Heisenberg  +   1589d ago
I agree, I had the same feelings. I was never excited to play it, I kept wishing the game would surprise me and I'd get to explore a town or engage in a discourse with a NPC, or really do anything but running down hallways. What made certain previous FF's so magical (among other things) was the illusion that you were free to roam the world and complete the journey the way you please as long as you did what you needed to do. They gave the player a lot of credit, and let you discover things for yourself... And chances are you'd finish the game and there'd be a million secrets and robust sidequests you missed, just waiting to be discovered the next time around. XIII just hits you over the head with a line from point A to point B, and ridiculously childish dialogue that truly frustrates (if I hear that åss clown call himself a hero and pump his fist one more time). At no point during XIII did I feel like I was immersed in a world, I felt like I was playing a very uninspired, cheesy game, with a dated style.

Forget having a Gold Saucer like experience in XIII. Forget exploring a massive place like Balamb Garden. No towns? I mean come on, how can SE be so out of touch with what their fanbase wants? Man... this just depresses me talking about it, I fear the old style is gone for good, but hopefully someone will see that there's a demand out there and take advantage of the disappointed FF fans by picking up where SquareSoft left off. Anyway this has got me feelin Nostalgic... I'm going to go pound some FFVII.
hamoor  +   1589d ago
good write
ffxiii is not like the previous ff games that i knew and love
i don't mind linearity and to be honest all ff games are linear(well except ffxii)
but ffxiii felt like walking,fighting some enemies,and more walking
and the first couple hours of the game is the worst part of the whole game
i have to admit that it got better after TEN HOURS OF GAMEPLAY but nothing special to be honest
seriously i can name 10 jrpg games this gen that are better than ffxiii i mean
HOW IN THE WORLDS AN JRPG GAME WITHOUT TOWNS???
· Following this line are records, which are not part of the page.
(* In the basis of V_j (x) V_k adapted to the F-move, i.e. the vectors u^{ab}_l, which are
   orthonormal for the pairing [ucoord] by unitarity of F, the coproduct of e^{ab}_{l;cd} acts
   as the rank-one operator u^{cd}_l |-> u^{ab}_l / sqrt(d_l), exactly as e^{ab}_{l;cd} acts
   on v^{cd}_l in V_l.  Hence z |-> sum z_l(a,b) u^{ab}_l intertwines the componentwise action
   on (+)_l V_l with the action through Delta, and its image is Delta(eta).(V_j (x)_C V_k),
   since Delta(eta) acts as the projection onto the span of the u^{ab}_l. *)

Lemma sum_on_section (R : nmodType) (I J : finType) (f : I -> R) (g : J -> I) (pi : I -> J) :
  cancel g pi -> (forall s, f s != 0 -> s = g (pi s)) ->
  \sum_s f s = \sum_t f (g t).
Proof.
move=> gK supp_f; rewrite (partition_big pi predT) //; apply: eq_bigr => t _.
rewrite (bigD1 (g t)) /= ?gK // big1 ?addr0 // => s /andP [/eqP <- ne_s].
by apply/eqP; apply: contraR ne_s => /supp_f {1}->.
Qed.

Section TubeModules.
Variables (C : numClosedFieldType) (U : UFC C).
Local Notation L := (lab U).
Local Notation adm := (adm U).
Local Notation dim := (Defs.dim U).
Local Notation F := (Defs.F U).
Local Notation vec := (Defs.vec C).

Lemma dim_ge0 a : 0 <= dim a.
Proof. by rewrite ltW ?dim_pos. Qed.

Lemma sqrt_dim_neq0 a : sqrtC (dim a) != 0.
Proof. by rewrite sqrtC_eq0 gt_eqF ?dim_pos. Qed.

Lemma F_reverse a b c d n m : F d c b a n m = (F a b c d n m)^*.
Proof.
have := F_tet12 a b c d n m; rewrite rmorphM /= (geC0_conj (x := sqrtC _)); last first.
  by rewrite sqrtC_ge0 !mulr_ge0 ?dim_ge0.
have -> : dim d * dim c * dim b * dim a = dim a * dim b * dim c * dim d by ring.
by apply: mulIf; rewrite sqrtC_eq0 !mulf_neq0 // gt_eqF ?dim_pos.
Qed.

Lemma ent_actVb i a b l c d u u' :
  ent (actVb i (a, b, l, c, d)) u u' =
  if [&& u == (a, b), u' == (c, d) & l == i] then (sqrtC (dim i))^-1 else 0.
Proof.
rewrite /ent /actVb /delta !ffunE /= [u' == _]eq_sym.
by case: (u == _); case: (_ == u'); case: (l == i); rewrite ?mul1r ?mul0r.
Qed.

Lemma kron_actVb i i' a b l c d a' b' l' c' d' x w :
  kron (actVb i (a, b, l, c, d)) (actVb i' (a', b', l', c', d')) x w =
  if [&& w.1 == (a, b), w.2 == (a', b'), l == i & l' == i']
  then x ((c, d), (c', d')) / (sqrtC (dim i) * sqrtC (dim i')) else 0.
Proof.
rewrite /kron ffunE (bigD1 ((c, d), (c', d'))) //= big1 => [|w' ne_w'].
  rewrite addr0 !ent_actVb !eqxx /= invfM.
  by case: (_ == (a, b)); case: (_ == (a', b')); case: (l == i); case: (l' == i');
    rewrite /= ?mul0r ?mulr0 //; ring.
rewrite !ent_actVb; case: (w'.1 =P _) => [E1|_]; last by rewrite andbF !mul0r.
case: (w'.2 =P _) => [E2|_]; last by rewrite andbF mulr0 mul0r.
by move: ne_w'; rewrite -E1 -E2 -surjective_pairing eqxx.
Qed.

Lemma actVE i h x a b :
  actV i h x (a, b) = \sum_(cd : L * L) h (a, b, i, cd.1, cd.2) * x cd / sqrtC (dim i).
Proof.
rewrite ffunE (@sum_on_section _ _ _ _ (fun cd : L * L => (a, b, i, cd.1, cd.2))
  (fun t => (t.1.2, t.2))) => [|[]//|[[[[a' b'] l] c] d]].
  by apply: eq_bigr => -[c d] _; rewrite !ffunE !eqxx mulrA.
rewrite !ffunE /=; case: ((a, b) =P (a', b')) => [[<- <-]|_]; last by rewrite mulr0 eqxx.
by case: (l =P i) => [->|_]; rewrite ?mulr0 ?eqxx.
Qed.

Lemma adm_rotl a b c : adm b c a = adm a b c.
Proof. by rewrite [RHS]adm_sym12 adm_sym23. Qed.

Lemma inH_eq0 h a b i c d :
  inH h -> ~~ (adm a i b && adm c i d) -> h (a, b, i, c, d) = 0.
Proof. by move=> hH ?; apply: hH; rewrite /Hadm /= (adm_sym23 i) (adm_sym12 i). Qed.

Variables j k : L.

Definition ucoord (l c d : L) (x : vec (TIdx U)) : C :=
  \sum_q (F c j k d l q)^* * x ((c, q), (q, d)).

Definition ucoords (x : vec (TIdx U)) : vec (SIdx U) :=
  [ffun w => ucoord w.1 w.2.1 w.2.2 x].

Definition ucomb (z : vec (SIdx U)) : vec (TIdx U) :=
  vsum predT (fun w : SIdx U => vscale (z w) (uvec j k w.1 w.2.1 w.2.2)).

Definition restrS (z : vec (SIdx U)) : vec (SIdx U) :=
  [ffun w => if adm w.1 j k && adm w.2.1 w.1 w.2.2 then z w else 0].

Lemma ucoord_uvec l c d l' a b :
  ucoord l c d (uvec j k l' a b) =
  if [&& (a, b) == (c, d), l' == l, adm j k l' & adm c l' d] then 1 else 0.
Proof.
rewrite /ucoord; under eq_bigr do rewrite ffunE /= eqxx andbT -xpair_eqE.
rewrite [(a, b) == _]eq_sym.
case: eqP => [[-> ->]|_]; last by rewrite big1 // => q _; rewrite mulr0.
rewrite /= -F_unitary_rows; apply: eq_bigr => q _; exact: mulrC.
Qed.

Lemma ucoord_ucomb l c d z :
  ucoord l c d (ucomb z) = if adm j k l && adm c l d then z (l, (c, d)) else 0.
Proof.
transitivity (\sum_(w : SIdx U) z w * ucoord l c d (uvec j k w.1 w.2.1 w.2.2)).
  rewrite /ucoord; under eq_bigr do rewrite ffunE mulr_sumr.
  rewrite exchange_big; apply: eq_bigr => w _; rewrite mulr_sumr.
  by apply: eq_bigr => q _; rewrite ffunE mulrCA.
rewrite (bigD1 (l, (c, d))) //= big1 => [|[l' [a b]] /= ne].
  by rewrite ucoord_uvec !eqxx /= addr0; case: ifP; rewrite ?mulr1 ?mulr0.
rewrite ucoord_uvec; case: eqP => [[ea eb]|_]; last by rewrite mulr0.
by case: (l' =P l) ne => [->|_]; rewrite ?ea ?eb ?eqxx ?mulr0.
Qed.

Lemma ucoords_ucomb z : ucoords (ucomb z) = restrS z.
Proof. by apply/ffunP => -[l [c d]]; rewrite !ffunE ucoord_ucomb adm_rotl. Qed.

Lemma uvec_eq0 l a b : ~~ (adm l j k && adm a l b) -> uvec j k l a b = 0.
Proof.
move=> nadm; apply/ffunP => w; rewrite !ffunE; case: ifP => // _.
by apply: F_supp; apply: contra nadm => /and4P [_ _ ? ?]; rewrite -adm_rotl; apply/andP.
Qed.

Lemma actT2_Delta_basis a b l c d x :
  actT2 j k (Delta_basis (a, b, l, c, d)) x =
  vscale (ucoord l c d x / sqrtC (dim l)) (uvec j k l a b).
Proof.
apply/ffunP => -[[w11 w12] [w21 w22]]; rewrite !ffunE /=.
rewrite (@sum_on_section _ _ _ _ (fun q => ((a, w12, j, c, q), (w12, b, k, q, d)))
  (fun s => s.1.2)) => [|//|]; last first.
  move=> [[[[[a1 p] j'] c1] q] [[[[p2 b2] k'] q2] d2]] /=.
  rewrite [vscale _ _ _]ffunE kron_actVb ffunE /=.
  case: ifP => [|_]; last by rewrite mul0r eqxx.
  case/and5P => /eqP -> /eqP -> /eqP -> /eqP -> /and3P [/eqP -> /eqP -> _].
  case: ifP => [|_]; last by rewrite mulr0 eqxx.
  by case/and4P => /eqP [_ <-] _ /eqP -> /eqP ->.
under eq_bigr do rewrite [vscale _ _ _]ffunE kron_actVb ffunE /= !eqxx !xpair_eqE eqxx !andbT.
have [adm_ljk|nadm] := boolP (adm l j k); last first.
  rewrite big1 => [|q _]; last by rewrite /= mul0r.
  rewrite F_supp ?if_same ?mulr0 //; apply: contra nadm.
  by case/and4P => _ _ + _; rewrite adm_rotl.
rewrite [w12 == w21]eq_sym.
case: (w11 =P a) => [<-|_]; last by rewrite big1 ?mulr0 // => q _; rewrite mulr0.
case: (w22 =P b) => [<-|_]; last by rewrite big1 ?mulr0 // => q _; rewrite andbF mulr0.
case: (w21 =P w12) => [<-|_]; last by rewrite big1 ?mulr0 // => q _; rewrite mulr0.
rewrite /= /ucoord !mulr_suml; apply: eq_bigr => q _.
(* the reflection symmetry of F turns the second F-factor of Delta into the coefficient of ucoord *)
rewrite (F_reverse c) sqrtCM ?nnegrE ?dim_ge0 //.
have := sqrt_dim_neq0 j; have := sqrt_dim_neq0 k; have := sqrt_dim_neq0 l.
move: (sqrtC (dim j)) (sqrtC (dim k)) (sqrtC (dim l)) => sj sk sl sl0 sk0 sj0.
by field; rewrite sj0 sk0 sl0.
Qed.

Lemma actT_ucoords h x : actT j k h x = ucomb (actS h (ucoords x)).
Proof.
apply/ffunP => w; rewrite /actT /actT2 !ffunE.
transitivity (\sum_(t : Hidx U) h t * actT2 j k (Delta_basis t) x w).
  under eq_bigr do rewrite !ffunE mulr_suml.
  rewrite exchange_big; apply: eq_bigr => t _; rewrite ffunE mulr_sumr.
  by apply: eq_bigr => s _; rewrite !ffunE mulrA.
rewrite (@sum_on_section _ _ _ _
  (fun p : SIdx U * (L * L) => (p.1.2.1, p.1.2.2, p.1.1, p.2.1, p.2.2))
  (fun t => let: (a, b, l, c, d) := t in ((l, (a, b)), (c, d))))
  => [|[[? [? ?]] [? ?]] //|[[[[? ?] ?] ?] ?] //].
rewrite -(pair_bigA _ (fun (v : SIdx U) (cd : L * L) =>
  h (v.2.1, v.2.2, v.1, cd.1, cd.2) *
  actT2 j k (Delta_basis (v.2.1, v.2.2, v.1, cd.1, cd.2)) x w)) /=.
apply: eq_bigr => -[l [a b]] _; rewrite [RHS]ffunE [actS _ _ _]ffunE /= actVE mulr_suml.
by apply: eq_bigr => -[c d] _; rewrite actT2_Delta_basis !ffunE /=; ring.
Qed.

Lemma inS_restrS z : inS j k (restrS z).
Proof. by move=> l a b nadm; rewrite ffunE (negbTE nadm). Qed.

Lemma restrS_id z : inS j k z -> restrS z = z.
Proof.
by move=> zS; apply/ffunP => -[l [a b]]; rewrite ffunE /=; case: ifP => // /negbT /zS.
Qed.

Lemma ucomb_restrS z : ucomb (restrS z) = ucomb z.
Proof.
apply/ffunP => w; rewrite [LHS]ffunE [RHS]ffunE; apply: eq_bigr => -[l [a b]] _.
rewrite [LHS]ffunE [RHS]ffunE [restrS _ _]ffunE /=.
by case: ifP => // /negbT nadm; rewrite uvec_eq0 // ffunE !mulr0.
Qed.

Lemma ucomb_inj z z' : inS j k z -> inS j k z' -> ucomb z = ucomb z' -> z = z'.
Proof. by move=> zS z'S E; rewrite -(restrS_id zS) -(restrS_id z'S) -!ucoords_ucomb E. Qed.

Lemma lin_ucomb : lin ucomb.
Proof.
move=> a z z'; apply/ffunP => w; rewrite !ffunE mulr_sumr -big_split.
by apply: eq_bigr => v _; rewrite !ffunE mulrDl mulrA.
Qed.

Lemma actT_ucomb h z : inS j k z -> actT j k h (ucomb z) = ucomb (actS h z).
Proof. by move=> zS; rewrite actT_ucoords ucoords_ucomb restrS_id. Qed.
even the victory fanfare is not the same
but in the end of the day ffxiii is not bad actually,but nothing special
SaiyanFury  +   1588d ago
I'd largely agree with the post. Play a game because you think it's fun, not because you feel obligated to. I followed FF13 since it was announced and the more I heard, the more I felt disinterested. No towns, no NPCs, no EXP, no real magic, completely linear and little exploration. Now you can make a JRPG without a couple of those things, but how the hell can you make an RPG with NONE of the above? Pardon me now, I'm going back to Star Ocean 4, which has towns, NPCs, EXP, magic (symbology), an open exploration characteristic. And on PS3, Japanese dialogue.
Bolts  +   1587d ago
The characters suck
I would be able to tough out the boring linear gameplay and lack of the RPG elements if it weren't for the repulsively emo and annoying characters. The though of being stuck in this narrow hallway of a game with pathetic and whiny characters like Hope and Snow for hours on end just make me wanna throw up in my mouth.